**WHAT IS REQUIRED:** Among the records below, find the line that has "for which this"; from there, give the lines again exactly, and stop after the line that has "0 <= z.2 < f (l".

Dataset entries
• • • •
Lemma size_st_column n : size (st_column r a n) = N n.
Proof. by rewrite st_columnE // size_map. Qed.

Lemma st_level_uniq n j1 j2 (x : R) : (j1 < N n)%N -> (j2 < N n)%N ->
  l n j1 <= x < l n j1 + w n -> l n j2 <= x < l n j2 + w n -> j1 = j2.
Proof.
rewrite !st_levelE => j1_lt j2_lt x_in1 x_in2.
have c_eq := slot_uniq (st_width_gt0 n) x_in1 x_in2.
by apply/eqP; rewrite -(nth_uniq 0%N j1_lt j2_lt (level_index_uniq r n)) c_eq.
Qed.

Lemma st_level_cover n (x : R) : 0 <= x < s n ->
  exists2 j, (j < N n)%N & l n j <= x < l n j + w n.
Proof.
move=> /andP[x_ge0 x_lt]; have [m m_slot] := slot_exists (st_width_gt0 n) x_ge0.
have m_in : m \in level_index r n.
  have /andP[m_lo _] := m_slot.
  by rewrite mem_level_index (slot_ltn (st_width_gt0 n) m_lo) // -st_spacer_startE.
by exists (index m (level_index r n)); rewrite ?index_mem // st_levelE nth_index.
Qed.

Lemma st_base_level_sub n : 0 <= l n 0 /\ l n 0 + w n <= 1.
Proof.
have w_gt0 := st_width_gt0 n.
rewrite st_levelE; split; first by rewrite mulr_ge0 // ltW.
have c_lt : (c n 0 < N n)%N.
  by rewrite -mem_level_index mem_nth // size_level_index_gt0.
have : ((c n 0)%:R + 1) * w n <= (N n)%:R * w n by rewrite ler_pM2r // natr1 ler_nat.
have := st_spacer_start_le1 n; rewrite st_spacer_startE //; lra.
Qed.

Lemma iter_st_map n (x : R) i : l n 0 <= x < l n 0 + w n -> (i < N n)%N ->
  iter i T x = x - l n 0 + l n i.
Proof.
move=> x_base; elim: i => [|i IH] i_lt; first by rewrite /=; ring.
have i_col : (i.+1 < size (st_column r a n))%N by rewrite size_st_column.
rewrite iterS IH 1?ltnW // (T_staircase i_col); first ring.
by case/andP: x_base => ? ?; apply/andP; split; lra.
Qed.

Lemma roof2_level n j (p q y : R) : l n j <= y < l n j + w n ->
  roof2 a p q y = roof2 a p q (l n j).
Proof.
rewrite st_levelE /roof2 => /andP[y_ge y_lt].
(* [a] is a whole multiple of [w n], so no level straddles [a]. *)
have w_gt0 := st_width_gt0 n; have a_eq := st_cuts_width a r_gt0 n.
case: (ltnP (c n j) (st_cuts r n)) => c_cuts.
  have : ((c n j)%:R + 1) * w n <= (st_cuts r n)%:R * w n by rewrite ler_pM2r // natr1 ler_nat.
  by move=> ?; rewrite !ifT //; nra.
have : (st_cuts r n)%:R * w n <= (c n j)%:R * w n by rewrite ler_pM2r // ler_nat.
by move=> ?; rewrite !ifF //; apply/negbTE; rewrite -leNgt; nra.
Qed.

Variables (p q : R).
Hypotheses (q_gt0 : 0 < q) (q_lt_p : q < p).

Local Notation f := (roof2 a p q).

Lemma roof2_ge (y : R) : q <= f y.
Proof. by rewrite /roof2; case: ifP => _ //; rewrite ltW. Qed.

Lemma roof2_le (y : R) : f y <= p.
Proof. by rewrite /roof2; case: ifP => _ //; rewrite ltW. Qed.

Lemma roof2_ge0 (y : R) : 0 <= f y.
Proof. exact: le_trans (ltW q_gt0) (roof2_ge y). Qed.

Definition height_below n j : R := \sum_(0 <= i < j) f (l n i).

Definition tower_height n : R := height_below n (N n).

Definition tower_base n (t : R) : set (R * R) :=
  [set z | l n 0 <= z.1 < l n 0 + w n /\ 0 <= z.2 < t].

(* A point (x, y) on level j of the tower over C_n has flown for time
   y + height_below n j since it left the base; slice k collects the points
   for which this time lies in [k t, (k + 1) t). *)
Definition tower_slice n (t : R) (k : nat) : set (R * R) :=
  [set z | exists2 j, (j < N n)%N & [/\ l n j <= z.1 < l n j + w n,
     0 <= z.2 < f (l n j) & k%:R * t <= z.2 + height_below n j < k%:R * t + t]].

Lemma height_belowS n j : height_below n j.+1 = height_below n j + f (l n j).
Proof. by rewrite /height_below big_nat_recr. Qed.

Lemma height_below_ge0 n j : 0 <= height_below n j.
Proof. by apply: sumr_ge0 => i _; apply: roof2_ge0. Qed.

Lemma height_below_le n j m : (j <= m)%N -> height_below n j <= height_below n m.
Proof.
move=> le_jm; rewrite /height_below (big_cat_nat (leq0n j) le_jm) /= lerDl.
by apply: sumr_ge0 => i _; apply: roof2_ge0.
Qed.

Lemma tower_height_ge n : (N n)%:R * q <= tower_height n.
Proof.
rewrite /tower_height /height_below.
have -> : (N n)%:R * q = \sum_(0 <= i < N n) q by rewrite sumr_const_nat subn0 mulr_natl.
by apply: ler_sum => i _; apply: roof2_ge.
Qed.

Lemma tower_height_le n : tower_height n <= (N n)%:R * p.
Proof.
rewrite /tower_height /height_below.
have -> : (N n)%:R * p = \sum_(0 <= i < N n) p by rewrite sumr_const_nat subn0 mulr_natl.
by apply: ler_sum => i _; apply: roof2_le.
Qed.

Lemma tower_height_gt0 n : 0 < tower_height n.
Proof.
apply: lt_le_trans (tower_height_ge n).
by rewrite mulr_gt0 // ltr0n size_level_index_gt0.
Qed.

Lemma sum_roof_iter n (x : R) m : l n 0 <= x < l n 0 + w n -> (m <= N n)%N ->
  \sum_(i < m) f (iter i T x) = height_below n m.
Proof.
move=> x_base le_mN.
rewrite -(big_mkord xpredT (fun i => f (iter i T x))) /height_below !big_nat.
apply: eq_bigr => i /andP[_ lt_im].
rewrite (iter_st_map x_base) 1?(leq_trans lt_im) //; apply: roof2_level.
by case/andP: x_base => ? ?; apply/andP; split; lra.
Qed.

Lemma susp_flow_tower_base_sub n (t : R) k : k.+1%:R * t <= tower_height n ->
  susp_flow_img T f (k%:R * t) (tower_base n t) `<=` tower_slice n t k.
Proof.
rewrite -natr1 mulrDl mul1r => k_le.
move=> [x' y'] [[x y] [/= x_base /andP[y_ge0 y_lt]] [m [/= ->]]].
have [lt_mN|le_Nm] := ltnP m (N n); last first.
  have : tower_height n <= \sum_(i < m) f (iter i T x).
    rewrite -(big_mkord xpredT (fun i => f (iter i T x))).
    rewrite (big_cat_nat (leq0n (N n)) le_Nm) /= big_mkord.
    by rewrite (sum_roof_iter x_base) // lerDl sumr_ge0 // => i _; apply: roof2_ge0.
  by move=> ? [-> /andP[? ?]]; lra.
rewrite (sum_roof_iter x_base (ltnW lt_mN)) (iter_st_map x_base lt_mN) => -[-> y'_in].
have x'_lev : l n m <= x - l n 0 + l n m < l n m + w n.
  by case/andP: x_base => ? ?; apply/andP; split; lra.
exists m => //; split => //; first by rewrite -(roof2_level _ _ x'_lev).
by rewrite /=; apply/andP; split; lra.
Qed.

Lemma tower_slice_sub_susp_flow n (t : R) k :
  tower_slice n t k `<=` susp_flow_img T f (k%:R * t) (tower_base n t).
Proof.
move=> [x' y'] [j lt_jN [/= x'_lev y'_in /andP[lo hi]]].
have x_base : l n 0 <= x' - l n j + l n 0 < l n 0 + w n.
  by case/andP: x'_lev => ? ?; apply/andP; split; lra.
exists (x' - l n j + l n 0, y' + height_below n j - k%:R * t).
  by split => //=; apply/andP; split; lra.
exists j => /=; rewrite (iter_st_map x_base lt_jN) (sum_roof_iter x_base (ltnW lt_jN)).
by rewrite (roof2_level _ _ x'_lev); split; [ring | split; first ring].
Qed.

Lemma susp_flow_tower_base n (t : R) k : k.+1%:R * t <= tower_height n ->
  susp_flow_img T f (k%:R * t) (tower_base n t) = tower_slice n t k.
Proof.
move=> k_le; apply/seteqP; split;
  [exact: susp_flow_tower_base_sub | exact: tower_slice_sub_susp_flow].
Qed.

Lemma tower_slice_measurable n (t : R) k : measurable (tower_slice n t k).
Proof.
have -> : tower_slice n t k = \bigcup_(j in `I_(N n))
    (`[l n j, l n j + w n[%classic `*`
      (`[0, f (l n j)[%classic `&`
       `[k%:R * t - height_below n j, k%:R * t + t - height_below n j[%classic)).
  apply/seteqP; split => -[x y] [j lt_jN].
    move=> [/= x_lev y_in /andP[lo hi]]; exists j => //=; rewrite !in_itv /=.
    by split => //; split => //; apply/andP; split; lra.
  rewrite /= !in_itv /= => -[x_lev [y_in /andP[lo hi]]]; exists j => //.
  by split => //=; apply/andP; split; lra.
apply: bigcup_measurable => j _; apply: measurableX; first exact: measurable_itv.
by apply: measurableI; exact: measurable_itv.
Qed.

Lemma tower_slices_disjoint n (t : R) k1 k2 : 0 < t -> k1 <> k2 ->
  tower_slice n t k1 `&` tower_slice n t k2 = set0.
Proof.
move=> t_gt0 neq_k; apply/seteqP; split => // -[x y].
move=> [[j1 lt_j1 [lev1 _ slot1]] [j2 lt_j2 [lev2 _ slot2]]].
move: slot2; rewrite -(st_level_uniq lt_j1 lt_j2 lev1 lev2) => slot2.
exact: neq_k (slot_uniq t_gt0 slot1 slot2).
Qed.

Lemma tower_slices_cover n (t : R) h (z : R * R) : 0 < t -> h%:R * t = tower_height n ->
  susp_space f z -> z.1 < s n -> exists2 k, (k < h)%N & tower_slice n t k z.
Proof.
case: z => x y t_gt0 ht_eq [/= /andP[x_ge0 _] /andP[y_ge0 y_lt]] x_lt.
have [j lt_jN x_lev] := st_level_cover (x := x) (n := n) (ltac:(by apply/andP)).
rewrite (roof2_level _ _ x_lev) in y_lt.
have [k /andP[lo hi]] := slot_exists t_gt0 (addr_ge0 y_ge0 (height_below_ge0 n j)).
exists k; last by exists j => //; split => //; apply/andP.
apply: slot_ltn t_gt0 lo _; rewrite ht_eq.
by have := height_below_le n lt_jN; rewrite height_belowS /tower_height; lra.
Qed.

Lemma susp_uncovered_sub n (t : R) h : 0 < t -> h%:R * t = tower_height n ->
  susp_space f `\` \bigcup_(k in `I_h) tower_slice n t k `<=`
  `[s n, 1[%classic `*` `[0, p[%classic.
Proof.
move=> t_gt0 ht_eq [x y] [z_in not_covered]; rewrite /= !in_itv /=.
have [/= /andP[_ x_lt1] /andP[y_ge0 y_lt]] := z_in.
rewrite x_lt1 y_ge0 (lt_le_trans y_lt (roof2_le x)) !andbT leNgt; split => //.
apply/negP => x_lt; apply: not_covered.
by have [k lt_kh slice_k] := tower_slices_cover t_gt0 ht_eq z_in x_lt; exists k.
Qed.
• • • •
**SOLUTION FOR THIS EXERCISE:**
   for which this time lies in [k t, (k + 1) t). *)
Definition tower_slice n (t : R) (k : nat) : set (R * R) :=
  [set z | exists2 j, (j < N n)%N & [/\ l n j <= z.1 < l n j + w n,
     0 <= z.2 < f (l n j) & k%:R * t <= z.2 + height_below n j < k%:R * t + t]].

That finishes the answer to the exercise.